3.  I would like to be in a size 18-20 - pants, size large for my tops.

4.  Speaking of sizes - how about a D cup for a bra size??

5.  As much as I HATE doing them - I want to hold a plank for two minutes.

6.  To appreciate veggies more - I got close up and personal with them for my pre op stage and actually don't mind them...I would like to try different ones tho - no more cucumber!

7.  To make myself happy...not depend on others for it.

8.  To deadlift what I used to - 265 lbs...and if I am able - higher

9.  To do three unassisted pull-ups.

10.  By my next birthday - I would like to be in the low 200's...and if possible out of the 200's all together.

So those are my 10 specific goals I would like to achieve by the time I hit 40.  I will take it day by day and know that if I work hard, I will achieve them!

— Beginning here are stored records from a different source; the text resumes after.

(* For $n=0,1,2,\ldots$ let $R_n=\sum_{k=0}^n\binom{n}{k}\binom{n+k}{k}\frac{1}{2k-1}$, let $r_n=R_{n+1}/R_n$, and for $n\geq 1$ let $$b_n=3+2\sqrt{2}-\frac{3(41\sqrt{2}+58)}{(14\sqrt{2}+20)n}=\left(3-\frac{9}{2n}\right)+\sqrt{2}\left(2-\frac{3}{n}\right).$$ Then for all $n\geq 3$, $b_n<r_n<b_{n+1}$. *)

From Stdlib Require Import Reals Lra Lia.
Open Scope R_scope.

Definition Rseq (n : nat) : R :=
  sum_f_R0 (fun k => C n k * C (n + k) k / (2 * INR k - 1)) n.

Definition rseq (n : nat) : R := Rseq (S n) / Rseq n.

Definition bseq (n : nat) : R :=
  3 + 2 * sqrt 2 - 3 * (41 * sqrt 2 + 58) / ((14 * sqrt 2 + 20) * INR n).

From Stdlib Require Import Reals Arith Lra Lia Psatz.
Open Scope R_scope.

(* Zeilberger's algorithm gives the recurrence
   (n+3) R_(n+3) = (7n+13) R_(n+2) - (7n+15) R_(n+1) + (n+1) R_n,
   whose characteristic polynomial (x - 1)(x^2 - 6x + 1) has dominant root
   lam = 3 + 2 sqrt 2; note b_n = lam (1 - 3/(2n)).  Dividing by R_(n+2)
   expresses r_(n+2) as a function of r_n and r_(n+1) that is decreasing in r_n
   and increasing in r_(n+1).  Hence if r_n and r_(n+1) lie in (b_n, b_(n+1))
   and (b_(n+1), b_(n+2)), then r_(n+2) is squeezed between its values at
   (b_(n+1), b_(n+1)) and (b_n, b_(n+2)), and these lie in (b_(n+2), b_(n+3))
   for n >= 4 by an explicit rational inequality in n and lam.  Induction
   starts from R_3, ..., R_6 = 25, 87, 329, 1359. *)

(* Stdlib's [C m k] is not 0 for [k > m] (truncated subtraction), hence the guard. *)
Definition binom_prod (m k : nat) : R :=
  if (k <=? m)%nat then C m k * C (m + k) k else 0.

Lemma binom_prod_fact (m k : nat) : (k <= m)%nat ->
  binom_prod m k = INR (fact (m + k)) / (INR (fact k) ^ 2 * INR (fact (m - k))).
Proof.
  intros Hkm. unfold binom_prod, C.
  rewrite (proj2 (Nat.leb_le k m) Hkm).
  replace (m + k - k)%nat with m by lia.
  pose proof (INR_fact_neq_0 m). pose proof (INR_fact_neq_0 k).
  pose proof (INR_fact_neq_0 (m - k)).
  field. auto.
Qed.

Lemma binom_prod_out (m k : nat) : (m < k)%nat -> binom_prod m k = 0.
Proof.
  intros Hmk. unfold binom_prod.
  rewrite (proj2 (Nat.leb_gt k m) Hmk). reflexivity.
Qed.

Lemma binom_prod_succ_l (m k : nat) :
  binom_prod (S m) k * (INR m + 1 - INR k) = binom_prod m k * (INR m + 1 + INR k).
Proof.
  destruct (le_lt_dec k m) as [Hkm | Hmk].
  - rewrite !binom_prod_fact by lia.
    replace (S m + k)%nat with (S (m + k)) by lia.
    replace (S m - k)%nat with (S (m - k)) by lia.
    rewrite !fact_simpl, !mult_INR, !S_INR, plus_INR, minus_INR by exact Hkm.
    pose proof (INR_fact_neq_0 (m + k)). pose proof (INR_fact_neq_0 k).
    pose proof (INR_fact_neq_0 (m - k)).
    pose proof (le_INR _ _ Hkm).
    field. repeat split; auto; lra.
  - rewrite (binom_prod_out m k Hmk).
    destruct (Nat.eq_dec k (S m)) as [-> | Hk].
    + rewrite S_INR. ring.
    + rewrite binom_prod_out by lia. ring.
Qed.

Lemma binom_prod_succ_r (m k : nat) :
  binom_prod m (S k) * (INR k + 1) ^ 2 = binom_prod m k * (INR m + INR k + 1) * (INR m - INR k).
Proof.
  destruct (le_lt_dec (S k) m) as [Hkm | Hmk].
  - rewrite !binom_prod_fact by lia.
    replace (m + S k)%nat with (S (m + k)) by lia.
    replace (m - k)%nat with (S (m - S k)) by lia.
    rewrite !fact_simpl, !mult_INR, !S_INR, plus_INR, minus_INR by exact Hkm.
    rewrite S_INR.
    pose proof (INR_fact_neq_0 (m + k)). pose proof (INR_fact_neq_0 k).
    pose proof (INR_fact_neq_0 (m - S k)).
    pose proof (le_INR _ _ Hkm). rewrite S_INR in *. pose proof (pos_INR k).
    field. repeat split; auto; lra.
  - rewrite (binom_prod_out m (S k) Hmk).
    destruct (Nat.eq_dec k m) as [-> | Hk].
    + ring.
    + rewrite binom_prod_out by lia. ring.
Qed.

Lemma twice_INR_minus_1_neq_0 (k : nat) : 2 * INR k - 1 <> 0.
Proof.
  destruct k as [|k].
  - simpl. lra.
  - rewrite S_INR. pose proof (pos_INR k). lra.
Qed.

Lemma Rseq_binom_prod (m N : nat) : (m <= N)%nat ->
  Rseq m = sum_f_R0 (fun k => binom_prod m k / (2 * INR k - 1)) N.
Proof.
  induction 1 as [| N HmN IH].
  - apply sum_eq. intros k Hk. rewrite binom_prod_fact by exact Hk.
    unfold C. replace (m + k - k)%nat with m by lia.
    pose proof (INR_fact_neq_0 m). pose proof (INR_fact_neq_0 k).
    pose proof (INR_fact_neq_0 (m - k)).
    field. repeat split; auto. apply twice_INR_minus_1_neq_0.
  - simpl. rewrite binom_prod_out by lia. rewrite IH. unfold Rdiv. ring.
Qed.

Lemma sum_f_R0_telescope (g : nat -> R) (N : nat) :
  sum_f_R0 (fun k => g (S k) - g k) N = g (S N) - g O.
Proof. induction N as [| N IH]; simpl; [| rewrite IH]; ring. Qed.

Lemma eq_div_of_mul_eq (x y u v : R) : x * v = y * u -> v <> 0 -> x = y * u / v.
Proof. intros H Hv. rewrite <- H. field. exact Hv. Qed.

(* The certificate produced by Zeilberger's algorithm for [Rseq_recurrence]. *)
Definition zeil_cert (n k : nat) : R :=
  -4 * (INR n + 2) * INR k ^ 2 * binom_prod (S (S (S n))) k
  / ((INR n + INR k + 1) * (INR n + INR k + 2) * (INR n + INR k + 3)).

Lemma zeil_cert_diff (n k : nat) :
  ((INR n + 3) * binom_prod (S (S (S n))) k - (7 * INR n + 13) * binom_prod (S (S n)) k
   + (7 * INR n + 15) * binom_prod (S n) k - (INR n + 1) * binom_prod n k)
  / (2 * INR k - 1)
  = zeil_cert n (S k) - zeil_cert n k.
Proof.
  pose proof (pos_INR n) as Hn. pose proof (pos_INR k) as Hk.
  pose proof (twice_INR_minus_1_neq_0 k) as Hk2.
  (* Every term is a rational multiple of [binom_prod (n + 3) k]. *)
  pose proof (eq_div_of_mul_eq _ _ _ _ (eq_sym (binom_prod_succ_l n k))
                ltac:(rewrite ?S_INR; lra)) as E0.
  pose proof (eq_div_of_mul_eq _ _ _ _ (eq_sym (binom_prod_succ_l (S n) k))
                ltac:(rewrite ?S_INR; lra)) as E1.
  pose proof (eq_div_of_mul_eq _ _ _ _ (eq_sym (binom_prod_succ_l (S (S n)) k))
                ltac:(rewrite ?S_INR; lra)) as E2.
  pose proof (eq_div_of_mul_eq _ _ _ _ (binom_prod_succ_r (S (S (S n))) k)
                ltac:(apply pow_nonzero; lra)) as E3.
  unfold zeil_cert. rewrite E0, E1, E2, E3. rewrite !S_INR in *.
  field. repeat split; lra.
Qed.

Lemma Rseq_recurrence (n : nat) :
  (INR n + 3) * Rseq (S (S (S n))) - (7 * INR n + 13) * Rseq (S (S n))
  + (7 * INR n + 15) * Rseq (S n) - (INR n + 1) * Rseq n = 0.
Proof.
  rewrite !(fun m => Rseq_binom_prod m (S (S (S n)))) by lia.
  rewrite !scal_sum, <- minus_sum, <- sum_plus, <- minus_sum.
  rewrite (sum_eq _ (fun k => zeil_cert n (S k) - zeil_cert n k)).
  - rewrite sum_f_R0_telescope. unfold zeil_cert.
    rewrite binom_prod_out by lia. rewrite INR_0. unfold Rdiv. ring.
  - intros k _. rewrite <- zeil_cert_diff. field. apply twice_INR_minus_1_neq_0.
Qed.

Definition lam : R := 3 + 2 * sqrt 2.

Lemma lam_sq : lam * lam = 6 * lam - 1.
Proof. unfold lam. pose proof (sqrt_sqrt 2 ltac:(lra)). nra. Qed.

Lemma lam_bounds : 5.82 < lam < 5.83.
Proof.
  unfold lam. pose proof (sqrt_sqrt 2 ltac:(lra)). pose proof (sqrt_pos 2).
  split; nra.
Qed.

Definition bound (t : R) : R := lam * (2 * t - 3) / (2 * t).

Lemma bseq_bound (n : nat) : (1 <= n)%nat -> bseq n = bound (INR n).
Proof.
  intros Hn. apply (le_INR 1) in Hn. simpl INR in Hn.
  unfold bseq, bound, lam. pose proof (sqrt_sqrt 2 ltac:(lra)). pose proof (sqrt_pos 2).
  assert (E : 3 * (41 * sqrt 2 + 58) = (9 / 2 + 3 * sqrt 2) * (14 * sqrt 2 + 20)) by nra.
  rewrite E. field. lra.
Qed.

Lemma bound_pos (t : R) : 3 / 2 < t -> 0 < bound t.
Proof.
  intros Ht. pose proof lam_bounds. unfold bound.
  apply Rdiv_lt_0_compat; [apply Rmult_lt_0_compat |]; lra.
Qed.

Lemma one_lt_bound (t : R) : 2 <= t -> 1 < bound t.
Proof.
  intros Ht. pose proof lam_bounds. unfold bound.
  apply (Rmult_lt_reg_r (2 * t)); [lra |].
  unfold Rdiv. rewrite Rmult_assoc, Rinv_l by lra. nra.
Qed.

Lemma inv_bound (t : R) : 3 / 2 < t -> / bound t = (6 - lam) * (2 * t) / (2 * t - 3).
Proof.
  intros Ht. pose proof lam_bounds. pose proof lam_sq.
  unfold bound. field_simplify_eq; [nra | lra].
Qed.

(* [r_(n+2)] in terms of [N = n] and the reciprocals [p = 1/r_n], [q = 1/r_(n+1)]. *)
Definition next_ratio (N p q : R) : R :=
  (7 * N + 13 - (7 * N + 15) * q + (N + 1) * p * q) / (N + 3).

Lemma rseq_succ_succ (n : nat) :
  Rseq n <> 0 -> Rseq (S n) <> 0 -> Rseq (S (S n)) <> 0 ->
  rseq (S (S n)) = next_ratio (INR n) (/ rseq n) (/ rseq (S n)).
Proof.
  intros H0 H1 H2. pose proof (pos_INR n). pose proof (Rseq_recurrence n) as Hrec.
  unfold rseq, next_ratio.
  replace (Rseq (S (S (S n)))) with
    (((7 * INR n + 13) * Rseq (S (S n)) - (7 * INR n + 15) * Rseq (S n)
      + (INR n + 1) * Rseq n) / (INR n + 3)).
  - field. repeat split; auto; lra.
  - field_simplify_eq; lra.
Qed.

Lemma next_ratio_le_l (N p p' q : R) :
  0 <= N -> p <= p' -> 0 <= q -> next_ratio N p q <= next_ratio N p' q.
Proof.
  intros HN Hp Hq. unfold next_ratio, Rdiv.
  apply Rmult_le_compat_r; [apply Rlt_le, Rinv_0_lt_compat; lra |].
  assert (0 <= (N + 1) * (p' - p)) by nra. nra.
Qed.

Lemma next_ratio_lt_r (N p q q' : R) :
  0 <= N -> (N + 1) * p < 7 * N + 15 -> q < q' -> next_ratio N p q' < next_ratio N p q.
Proof.
  intros HN Hp Hq. unfold next_ratio, Rdiv.
  apply Rmult_lt_compat_r; [apply Rinv_0_lt_compat; lra |].
  assert (0 < (q' - q) * (7 * N + 15 - (N + 1) * p)) by (apply Rmult_lt_0_compat; lra).
  nra.
Qed.

(* After clearing denominators both sides are quadratic in [lam]; modulo
   [lam^2 = 6 lam - 1] the difference is linear in [lam], and positive for [N >= 4]. *)
Lemma bound_lt_next_ratio (N : R) : 4 <= N ->
  bound (N + 2) < next_ratio N (/ bound (N + 1)) (/ bound (N + 1)).
Proof.
  intros HN. pose proof lam_bounds. pose proof lam_sq as Hsq.
  rewrite inv_bound by lra. unfold bound, next_ratio.
  apply Rlt_0_minus.
  match goal with |- 0 < ?d => replace d with
    ((1332 + 1782 * N + 558 * N ^ 2 - (219 + 327 * N + 90 * N ^ 2) * lam
      + (16 + 56 * N + 72 * N ^ 2 + 40 * N ^ 3 + 8 * N ^ 4) * (lam * lam - 6 * lam + 1))
     / ((N + 3) * (2 * N - 1) ^ 2 * (2 * N + 4))) by (field; lra) end.
  rewrite Hsq. apply Rdiv_lt_0_compat.
  - assert (0 <= (219 + 327 * N + 90 * N ^ 2) * (5.83 - lam)) by (apply Rmult_le_pos; nra).
    nra.
  - apply Rmult_lt_0_compat; [apply Rmult_lt_0_compat |]; nra.
Qed.

Lemma next_ratio_lt_bound (N : R) : 4 <= N ->
  next_ratio N (/ bound N) (/ bound (N + 2)) < bound (N + 3).
Proof.
  intros HN. pose proof lam_bounds. pose proof lam_sq as Hsq.
  rewrite !inv_bound by lra. unfold bound, next_ratio.
  apply Rlt_0_minus.
  match goal with |- 0 < ?d => replace d with
    (((1053 + 909 * N + 186 * N ^ 2) * lam - (6246 + 5268 * N + 1062 * N ^ 2)
      - (48 * N + 88 * N ^ 2 + 48 * N ^ 3 + 8 * N ^ 4) * (lam * lam - 6 * lam + 1))
     / ((N + 3) * (2 * N + 1) * (2 * N - 3) * (2 * N + 6))) by (field; lra) end.
  rewrite Hsq. apply Rdiv_lt_0_compat.
  - assert (0 <= (1053 + 909 * N + 186 * N ^ 2) * (lam - 5.82)) by (apply Rmult_le_pos; nra).
    nra.
  - apply Rmult_lt_0_compat; [apply Rmult_lt_0_compat; [apply Rmult_lt_0_compat |] |]; lra.
Qed.

Lemma next_ratio_bracket (N x y : R) : 4 <= N ->
  bound N < x < bound (N + 1) -> bound (N + 1) < y < bound (N + 2) ->
  bound (N + 2) < next_ratio N (/ x) (/ y) < bound (N + 3).
Proof.
  intros HN [Hx0 Hx1] [Hy1 Hy2].
  assert (Hinv : forall a b, 0 < a -> a < b -> / b < / a).
  { intros a b Ha Hab. apply Rinv_lt_contravar; [apply Rmult_lt_0_compat |]; lra. }
  pose proof (bound_pos N ltac:(lra)). pose proof (bound_pos (N + 1) ltac:(lra)).
  pose proof (bound_pos (N + 2) ltac:(lra)).
  pose proof (Rinv_0_lt_compat y ltac:(lra)).
  pose proof (Hinv 1 (bound N) Rlt_0_1 (one_lt_bound N ltac:(lra))).
  pose proof (Hinv 1 (bound (N + 1)) Rlt_0_1 (one_lt_bound (N + 1) ltac:(lra))).
  rewrite Rinv_1 in *.
  split.
  - apply (Rlt_trans _ _ _ (bound_lt_next_ratio N HN)).
    apply (Rlt_le_trans _ (next_ratio N (/ bound (N + 1)) (/ y))).
    + apply next_ratio_lt_r; [lra | nra | apply Hinv; lra].
    + apply next_ratio_le_l; [lra | apply Rlt_le, Hinv; lra | lra].
  - apply (Rle_lt_trans _ (next_ratio N (/ bound N) (/ y))).
    + apply next_ratio_le_l; [lra | apply Rlt_le, Hinv; lra | lra].
    + apply (Rlt_trans _ (next_ratio N (/ bound N) (/ bound (N + 2)))).
      * apply next_ratio_lt_r; [lra | nra | apply Hinv; lra].
      * apply next_ratio_lt_bound; lra.
Qed.

Lemma Rseq_initial : Rseq 0 = -1 /\ Rseq 1 = 1 /\ Rseq 2 = 7.
Proof. unfold Rseq, C; simpl; repeat split; field. Qed.

Lemma Rseq_3_to_6 : Rseq 3 = 25 /\ Rseq 4 = 87 /\ Rseq 5 = 329 /\ Rseq 6 = 1359.
Proof.
  destruct Rseq_initial as (H0 & H1 & H2).
  pose proof (Rseq_recurrence 0). pose proof (Rseq_recurrence 1).
  pose proof (Rseq_recurrence 2). pose proof (Rseq_recurrence 3).
  simpl INR in *. repeat split; lra.
Qed.

Definition bracketed (n : nat) : Prop := bound (INR n) < rseq n < bound (INR (S n)).

Lemma Rseq_succ_pos (n : nat) : (2 <= n)%nat -> 0 < Rseq n -> bracketed n -> 0 < Rseq (S n).
Proof.
  intros Hn Hpos [Hlow _]. apply (le_INR 2) in Hn. simpl INR in Hn.
  pose proof (bound_pos (INR n) ltac:(lra)).
  replace (Rseq (S n)) with (rseq n * Rseq n) by (unfold rseq; field; lra).
  apply Rmult_lt_0_compat; lra.
Qed.

Lemma bracketed_from_4 (n : nat) : (4 <= n)%nat ->
  0 < Rseq n /\ bracketed n /\ bracketed (S n).
Proof.
  pose proof lam_bounds.
  induction 1 as [| n Hn (Hpos & Hbr & Hbr1)].
  - destruct Rseq_3_to_6 as (_ & H4 & H5 & H6).
    unfold bracketed, rseq, bound. rewrite H4, H5, H6. simpl INR.
    repeat split; lra.
  - assert (Hpos1 : 0 < Rseq (S n)) by (apply Rseq_succ_pos; auto; lia).
    assert (Hpos2 : 0 < Rseq (S (S n))) by (apply Rseq_succ_pos; auto; lia).
    apply (le_INR 4) in Hn. simpl INR in Hn.
    split; [exact Hpos1 | split; [exact Hbr1 |]].
    unfold bracketed in *. rewrite rseq_succ_succ by lra.
    rewrite !S_INR in *.
    replace (INR n + 1 + 1 + 1) with (INR n + 3) by ring.
    replace (INR n + 1 + 1) with (INR n + 2) in * by ring.
    apply next_ratio_bracket; [lra | exact Hbr | exact Hbr1].
Qed.

Lemma bracketed_from_3 (n : nat) : (3 <= n)%nat -> bracketed n.
Proof.
  intros Hn. destruct (Nat.eq_dec n 3) as [-> | Hn3].
  - pose proof lam_bounds. destruct Rseq_3_to_6 as (H3 & H4 & _).
    unfold bracketed, rseq, bound. rewrite H3, H4. simpl INR. lra.
  - apply bracketed_from_4. lia.
Qed.

Theorem lemma3p1 : forall n : nat, (3 <= n)%nat ->
  bseq n < rseq n /\ rseq n < bseq (S n).
Proof.
  intros n Hn. rewrite !bseq_bound by lia.
  exact (bracketed_from_3 n Hn).
Qed.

On another note - my healing continues - I've been feeling great and have been getting in my exercise.  I kickboxed for 15 minutes last night - then went on the treadmill and did jogging intervals...I'm really happy about my progress.  Today I start with soft foods...this means I can have eggs!  I can't wait until I get my first fill in six weeks - then I can really get this show on the road.  I'm also losing about a pound a day and loving that - I know it will even itself out eventually, but for now I am just going to enjoy the steady loss...something I haven't been able to enjoy for ME!

Sunday, February 20, 2011

Week One...

My first official week as a Bandster is now finished...it was a fairly good week, but it certainly did have its ups and downs...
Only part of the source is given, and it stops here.